After setting up mod_proxy or mod_jk, a typical configuration scenario would be to use Apache to provide SSL encryption,
user authorization and authentication for all pages that reside in the admin
area of the software (e.g. https://oai.somewhere.edu/oai/admin*), while leaving
all other public jOAI pages open. This scenario provides a relatively secure
way to restrict access to the administrative functions of the software to trusted
users while leaving access to the data provider, search and other public pages
Another scenario might be to restrict access to the software or portions of
the software by requestors IP address.
See the Apache documentation for
a list of available features and configuration information.
Can jOAI be integrated into an existing Web application?
Yes. It is recommended that jOAI be run as a stand-alone Web application, however it is possible to integrate it into an existing Web application. Either the data provider, the harvester or both can be configured. Here is a general outline of how this may be done:
1. Copy the configuration from web.xml:
- All <servlet> elements OAIProviderServlet, OAIHarvesterServlet and action.
- All <context-param> elements
- All <filter> and <filter-mapping> elements
- All <servlet-mapping> elements
- All <taglib> elements
- Optionally, copy over the <welcome-file-list> and <error-page> elements
2. Copy over files struts-config.xml, users.xml, validation.xml, validator-rules.xml from /WEB-INF to your application.

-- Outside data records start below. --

Lemma computableb_has N p B : computableb N.+1 p -> computable N B ->
  computableb N (fun E => has (fun x => p (scons x E)) (iota 0 (B E))).
Proof.
move=> Hp HB.
apply: computable_ext (computableb_leq (computable_const N 1) (computable_count Hp HB)) _.
by move=> E; rewrite has_count.
Qed.

Lemma computableb_all N p B : computableb N.+1 p -> computable N B ->
  computableb N (fun E => all (fun x => p (scons x E)) (iota 0 (B E))).
Proof.
move=> Hp HB; apply: computable_ext (computableb_neg (computableb_has (computableb_neg Hp) HB)) _.
by move=> E; rewrite -all_predC; congr nat_of_bool; apply: eq_all => x; rewrite /= negbK.
Qed.

(** * Prefix codes *)

Lemma prefix_codeS f N : prefix_code f N.+1 = prefix_code f N + (1 + f N) * 2 ^ N.
Proof. by rewrite /prefix_code big_ord_recr /= expnS mulnDl mul1n; lia. Qed.

Lemma prefix_code_bounds f N : 2 ^ N <= prefix_code f N < 2 ^ N.+1.
Proof.
elim: N => [|N IH]; first by rewrite /prefix_code big_ord0.
by rewrite prefix_codeS !expnS; move: IH; rewrite expnS; case: (f N) => /=; lia.
Qed.

Definition bitn (c p : nat) : bool := odd (c %/ 2 ^ p).

Definition known (c p : nat) : bool := 2 ^ p.+1 <= c.

Lemma bitn_prefix_code f N p : p < N -> bitn (prefix_code f N) p = f p.
Proof.
rewrite /bitn; elim: N => [|N IH] //; rewrite ltnS leq_eqVlt => /orP [/eqP -> | lt_pN].
- have [lo hi] := andP (prefix_code_bounds f N).
  rewrite prefix_codeS addnC divnMDl ?expn_gt0 //.
  have -> : prefix_code f N %/ 2 ^ N = 1.
    by apply/eqP; rewrite eqn_leq -ltnS ltn_divLR ?leq_divRL ?expn_gt0 // mul1n -expnS hi lo.
  by rewrite addn1 /=; case: (f N).
- rewrite prefix_codeS (_ : 2 ^ N = 2 ^ (N - p) * 2 ^ p); last by rewrite -expnD subnK // ltnW.
  rewrite mulnA addnC divnMDl ?expn_gt0 // oddD IH // oddM oddX subn_eq0.
  by rewrite leqNgt lt_pN andbF.
Qed.

Lemma known_prefix_code f N p : known (prefix_code f N) p = (p < N).
Proof.
have [lo hi] := andP (prefix_code_bounds f N); rewrite /known.
case: (ltnP p N) => H.
- by apply: leq_trans lo; rewrite leq_exp2l.
- by apply/negbTE; rewrite -ltnNge (leq_trans hi) // leq_exp2l.
Qed.

(** * The extension property *)

(* A number [s] codes a one-point extension problem at level [i] over the first
   [s] points of the two neighbouring levels: bit [2x] of [s] says whether the
   new point has an edge to the point [x] above, bit [2x+1] whether the point
   [x] below has an edge to it.  Asking for a solution [n >= s] takes care of
   the finitely many points the new one must avoid. *)
Definition up_bit (s x : nat) : bool := bitn s (2 * x).

Definition down_bit (s x : nat) : bool := bitn s (2 * x).+1.

Definition extension_property (l : nat) (psi : nat -> nat -> nat -> nat)
    (alpha : nat -> bool) : Prop :=
  forall i s, i < l -> exists2 n, s <= n & forall x, x < s ->
    (i.+1 < l -> alpha (psi i n x) = up_bit s x) /\
    (0 < i -> alpha (psi i.-1 x n) = down_bit s x).

Lemma S_alphaE l psi alpha (a b : A l) :
  b.1 = a.1.+1 :> nat -> S_alpha psi alpha a b <-> alpha (psi a.1 a.2 b.2).
Proof.
move=> Eb; rewrite /S_alpha Eb; split=> [[_ [_ ->]] // | Hab]; do !split=> //.
by have := ltn_ord b.1; rewrite Eb; lia.
Qed.

Definition row (l j : nat) (p : pred nat) (s : nat) : list (A l) :=
  if insub j is Some o then List.map (pair o) (List.filter p (List.seq 0 s)) else nil.

Lemma row_sub l j (p : pred nat) s : subset_of (row l j p s) (fun a => j < l /\ LA j a).
Proof.
rewrite /row; case: insubP => // o Hj Eo a /List.in_map_iff [x [<- _]].
by rewrite /LA /= Eo.
Qed.

Lemma mem_row l (o : 'I_l) (p : pred nat) s x : x < s -> p x -> List.In (o, x) (row l o p s).
Proof.
move=> lt_xs px; rewrite /row valK; apply/List.in_map_iff; exists x; split=> //.
by apply/List.filter_In; split=> //; apply/List.in_seq; lia.
Qed.

Lemma row_disjoint l j (p : pred nat) s :
  disjoint_lists (row l j p s) (row l j (fun x => ~~ p x) s).
Proof.
rewrite /row /disjoint_lists; case: insub => // o a.
move=> /List.in_map_iff [x [<- /List.filter_In [_ px]]].
by move=> /List.in_map_iff [y [[->] /List.filter_In [_]]]; rewrite px.
Qed.

Lemma model_extension l psi alpha :
  model_T l (LA (l:=l)) (S_alpha psi alpha) -> extension_property l psi alpha.
Proof.
move=> [_ [_ [_ Hext]]] i s Hi.
pose below p := if 0 < i then row l i.-1 p s else nil.
have below_sub p : subset_of (below p) (fun a => 0 < i /\ LA i.-1 a).
  by rewrite /below; case: ifP => // i_gt0 a /row_sub [].
have below_disjoint p : disjoint_lists (below p) (below (fun x => ~~ p x)).
  by rewrite /below; case: ifP => _ a //; exact: (@row_disjoint l).
pose above p := row l i.+1 p s.
have [z [Lz [z_notin [HX [HX' [HY HY']]]]]] :=
  Hext i Hi (above (up_bit s)) (above (fun x => ~~ up_bit s x)) (row l i xpredT s)
    (below (down_bit s)) (below (fun x => ~~ down_bit s x)) (@row_sub l _ _ s)
    (@row_sub l _ _ s) (@row_disjoint l _ _ s) (fun a Ha => (row_sub Ha).2)
    (below_sub _) (below_sub _) (below_disjoint _).
rewrite /LA in Lz; exists z.2.
  rewrite leqNgt; apply/negP => lt_zs; apply: z_notin.
  by rewrite [z]surjective_pairing -Lz; exact: mem_row.
move=> x lt_xs; split=> [Hup | i_gt0].
- pose a : A l := (Ordinal Hup, x).
  have Sa : S_alpha psi alpha z a <-> alpha (psi i z.2 x).
    by rewrite -Lz; apply: S_alphaE; rewrite /= Lz.
  case Hb: (up_bit s x).
  + by apply/Sa/HX/mem_row; rewrite ?Hb.
  + by apply/negbTE/negP => /Sa; apply/HY/mem_row; rewrite ?Hb.
- have Hdown : i.-1 < l by rewrite (leq_ltn_trans (leq_pred i)).
  pose a : A l := (Ordinal Hdown, x).
  have Sa : S_alpha psi alpha a z <-> alpha (psi i.-1 x z.2).
    by apply: S_alphaE; rewrite /= Lz prednK.
  rewrite /below i_gt0 in HX' HY'.
  case Hb: (down_bit s x).
  + by apply/Sa/HX'/mem_row; rewrite ?Hb.
  + by apply/negbTE/negP => /Sa; apply/HY'/mem_row; rewrite ?Hb.
Qed.

Definition pattern_code (up down : pred nat) (K : nat) : nat :=
  prefix_code (fun j => if odd j then down j./2 else up j./2) (2 * K).
Lemma windows_le_size_undup (w : seq R) (K : nat) (lo hi : nat -> nat) :
  {homo nth 0 w : j k / leq j k >-> j >= k} ->
  (forall t, (t < K)%nat -> drop_within w (lo t) (hi t)) ->
  (forall t t', (t < t' < K)%nat -> (hi t <= lo t')%nat) ->
  (K <= size (undup w))%nat.
Proof.
move=> w_nonincr w_drop disjoint.
have lt_lo t t' : (t < t' < K)%nat -> w`_(lo t') < w`_(lo t).
  move=> /andP[lt_tt' lt_t'K].
  have [i [le_lo_i lt_i_hi ne_i]] := w_drop t (ltn_trans lt_tt' lt_t'K).
  have le_i_lo' : (i.+1 <= lo t')%nat by rewrite (leq_trans (ltnW lt_i_hi)) ?disjoint ?lt_tt'.
  apply: le_lt_trans (w_nonincr _ _ le_i_lo') _.
  by apply: lt_le_trans (w_nonincr _ _ le_lo_i); rewrite lt_neqAle eq_sym ne_i w_nonincr.
have lo_in_w t : (t < K)%nat -> w`_(lo t) \in w.
  move=> lt_tK; have [i [le_lo_i _ ne_i]] := w_drop t lt_tK.
  apply: mem_nth; rewrite (leq_ltn_trans le_lo_i) //; apply: contraR ne_i.
  by rewrite -leqNgt => le_w_i; rewrite !nth_default // (leq_trans le_w_i).
have uniq_vals : uniq [seq w`_(lo t) | t <- iota 0 K].
  rewrite map_inj_in_uniq ?iota_uniq // => t t'; rewrite !mem_iota /= => lt_tK lt_t'K eq_w.
  have [lt|lt|//] := ltngtP t t'.
  - by have := lt_lo t t'; rewrite lt lt_t'K eq_w ltxx => /(_ isT).
  - by have := lt_lo t' t; rewrite lt lt_tK eq_w ltxx => /(_ isT).
rewrite -(size_iota 0 K) -(size_map (fun t => w`_(lo t))).
apply: uniq_leq_size uniq_vals _ => x /mapP[t]; rewrite mem_iota mem_undup => lt_tK ->.
exact: lo_in_w.
Qed.

Definition sqrt_gap (i : nat) : R := Num.sqrt i.+1%:R - Num.sqrt i%:R.

Definition sqrt_gaps (n : nat) : seq R := [seq sqrt_gap i | i <- iota 0 n].

Lemma sqrt_gapE i : sqrt_gap i = (Num.sqrt i.+1%:R + Num.sqrt i%:R)^-1.
Proof.
have pos_sum : 0 < Num.sqrt i.+1%:R + Num.sqrt (i%:R : R).
  by rewrite ltr_wpDr ?sqrtr_ge0 // sqrtr_gt0.
have gap_times_sum : sqrt_gap i * (Num.sqrt i.+1%:R + Num.sqrt i%:R) = 1.
  by rewrite /sqrt_gap -subr_sqr !sqr_sqrtr // -natr1 addrAC subrr add0r.
by apply: (mulIf (lt0r_neq0 pos_sum)); rewrite gap_times_sum mulVf ?lt0r_neq0.
Qed.

Lemma sqrt_gap_gt0 i : 0 < sqrt_gap i.
Proof. by rewrite subr_gt0 ltr_sqrt ?ltr_nat. Qed.

Lemma sqrt_gap_decr : {homo sqrt_gap : i j / (i < j)%nat >-> j < i}.
Proof.
have pos_sum k : Num.sqrt k.+1%:R + Num.sqrt k%:R \is @Num.pos R.
  by rewrite posrE ltr_wpDr ?sqrtr_ge0 // sqrtr_gt0.
move=> i j lt_ij; rewrite !sqrt_gapE ltf_pV2 ?pos_sum //.
by apply: ltrD; rewrite ltr_sqrt ?ltr_nat ?ltr0n // (leq_ltn_trans _ lt_ij).
Qed.

Lemma sorted_sqrt_gaps n : sorted >%R (sqrt_gaps n).
Proof.
rewrite sorted_map; apply: sub_sorted (iota_ltn_sorted 0 n) => i j.
exact: sqrt_gap_decr.
Qed.

Lemma uniq_sqrt_gaps n : uniq (sqrt_gaps n).
Proof.
apply: sorted_uniq (sorted_sqrt_gaps n); first exact: rev_trans lt_trans.
by move=> x; rewrite /= ltxx.
Qed.

Lemma size_sqrt_gaps n : size (sqrt_gaps n) = n.
Proof. by rewrite size_map size_iota. Qed.
Lemma sigma_finite_integral_lty : mu [set x | f x = 0%R] < +oo ->
  \int[mu]_x (f x)%:E < +oo -> sigma_finite setT mu.
Proof.
move=> mu0 intf.
exists (fun n => if n is k.+1 then [set x | (k.+1%:R^-1 < f x)%R]
                 else [set x | f x = 0%R]).
  apply/seteqP; split => // x _.
  have [fx0|fx0] := eqVneq (f x) 0%R; first by exists 0%N.
  have fx_gt0 : (0 < f x)%R by rewrite lt0r fx0 f0.
  exists (Num.truncn (f x)^-1).+1 => //=.
  by rewrite -[ltRHS]invrK ltf_pV2 ?posrE ?invr_gt0// truncnS_gt.
case=> [|k]; split => //.
  rewrite (_ : [set x | f x = 0%R] = f @^-1` [set 0%R]) //.
  by rewrite -[X in measurable X]setTI; exact: mf.
have k0 : (0 <= k.+1%:R^-1 :> R)%R by rewrite invr_ge0.
apply: (@gt0_mulr_lty _ _ k.+1%:R^-1); rewrite ?invr_gt0//.
by rewrite muleC; exact: le_lt_trans (measure_gtr_le_integral k0) intf.
Qed.

End sigma_finite_integral.

Section exponential_weight.
Context (R : realType).
Local Notation leb := (@lebesgue_measure R).

Lemma measurable_expRN : measurable_fun setT (fun u : R => expR (- u)).
Proof. by apply: measurableT_comp => //; exact: measurable_funN. Qed.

3. Copy over all JAR files from /WEB-INF/libs (some may not be required)
4. Copy over directories /WEB-INF/classes, /WEB-INF/tlds, /WEB-INF/xsl_files and /WEB-INF/conf. Optionally /WEB-INF/error_pages (if configured in web.xml).

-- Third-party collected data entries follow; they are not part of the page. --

Lemma tauX x m : tau (x ^+ m) = tau x ^+ m.
Proof. by elim: m => [|m IH]; rewrite ?tau1 // !exprS tauM IH. Qed.

End Involution.

Section FixedField.
Variables (R : realType) (L : fieldType) (absv : L -> R) (tau : L -> L) (lam : L).
Hypothesis absvP : is_abs_value absv.
Hypothesis tauP : order2_aut tau.
Hypothesis lamP : uniformizer absv tau lam.

Definition lam_cong x y := exists z, O_fix absv tau z /\ x - y = lam * z.

Lemma absv_lam_gt0 : 0 < absv lam.
Proof. by case: lamP => _ /eqP lam0 _ _; apply: absv_gt0. Qed.

Lemma absv_lam_lt1 : absv lam < 1.
Proof. by case: lamP. Qed.

Lemma O_fixB x y : O_fix absv tau x -> O_fix absv tau y -> O_fix absv tau (x - y).
Proof. by move=> [tx x1] [ty y1]; split; [rewrite (tauB tauP) tx ty | apply: (absvB_le absvP)]. Qed.

Lemma lam_cong_sym x y : lam_cong x y -> lam_cong y x.
Proof.
move=> [z [Oz xyE]]; exists (- z); split; last by rewrite mulrN -xyE opprB.
by rewrite -sub0r; apply: O_fixB Oz; split; rewrite ?(tau0 tauP) ?(absv0 absvP).
Qed.

Lemma lam_cong_of_lt1 x y :
  O_fix absv tau x -> O_fix absv tau y -> absv (x - y) < 1 -> lam_cong x y.
Proof. by case: lamP => _ _ _ lam_gen Ox Oy /(lam_gen _ (O_fixB Ox Oy)). Qed.

Lemma fixed_absv_le1 y : tau y = y -> absv y * absv lam < 1 -> absv y <= 1.
Proof.
move=> ty ylam; rewrite leNgt; apply/negP => y1.
have y0 : y != 0 by apply: contraTneq y1 => ->; rewrite (absv0 absvP) ltr10.
have Oyinv : O_fix absv tau y^-1.
  by split; [rewrite (tauV tauP) ty | rewrite (absvV absvP) invf_le1 ?ltW // (lt_trans ltr01)].
have yinv1 : absv y^-1 < 1 by rewrite (absvV absvP) invf_lt1 // (lt_trans ltr01).
case: lamP => _ _ _ /(_ _ Oyinv yinv1) [z [[_ z1] yE]].
have : absv y^-1 <= absv lam.
  by rewrite yE (absvM absvP) ler_piMr ?(absv_ge0 absvP).
rewrite (absvV absvP) => /(ler_wpM2l (absv_ge0 absvP y)).
by rewrite mulfV ?lt0r_neq0 ?(lt_trans ltr01) // leNgt ylam.
Qed.

Lemma O_fix_quot_card l : prime l ->
  (forall q : rat, absv (ratr q) = padic_abs R l q) -> finite_over_Ql absv ->
  exists k, quot_card (O_fix absv tau) lam_cong k.
Proof.
move=> l_prime absv_ratr [N [b b_span]].
apply: (quot_card_of_bounded (B := l ^ N)) => [|M f Of f_inj]; first exact: lam_cong_sym.
apply: (card_far_unit_family_le absvP absv_ratr l_prime b_span (f := f)) => [p|p p' fpp'].
  by case: (Of p).
exact/f_inj/lam_cong_of_lt1.
Qed.

End FixedField.

Section Cayley.
Variables (R : realType) (L : fieldType) (absv : L -> R) (tau : L -> L) (lam delta : L).
Hypothesis absvP : is_abs_value absv.
Hypothesis tauP : order2_aut tau.
Hypothesis delta_anti : tau delta = - delta.
Hypothesis delta0 : delta != 0.
Hypothesis two_neq0 : 2%:R != 0 :> L.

5. Copy over all .jsp, .js and .css files from the root and the /oai_requests, /admin, /docs (optional), /images directories.
- Optionally edit, add and remove jsp and css files as needed. The OAI protocol is handled by the pages found in /oai_requests. Administration is handled by the pages found in /admin. The WEB-INF/struts-config.xml file is used to configure URL paths to the JSP pages that handle them, via the Action.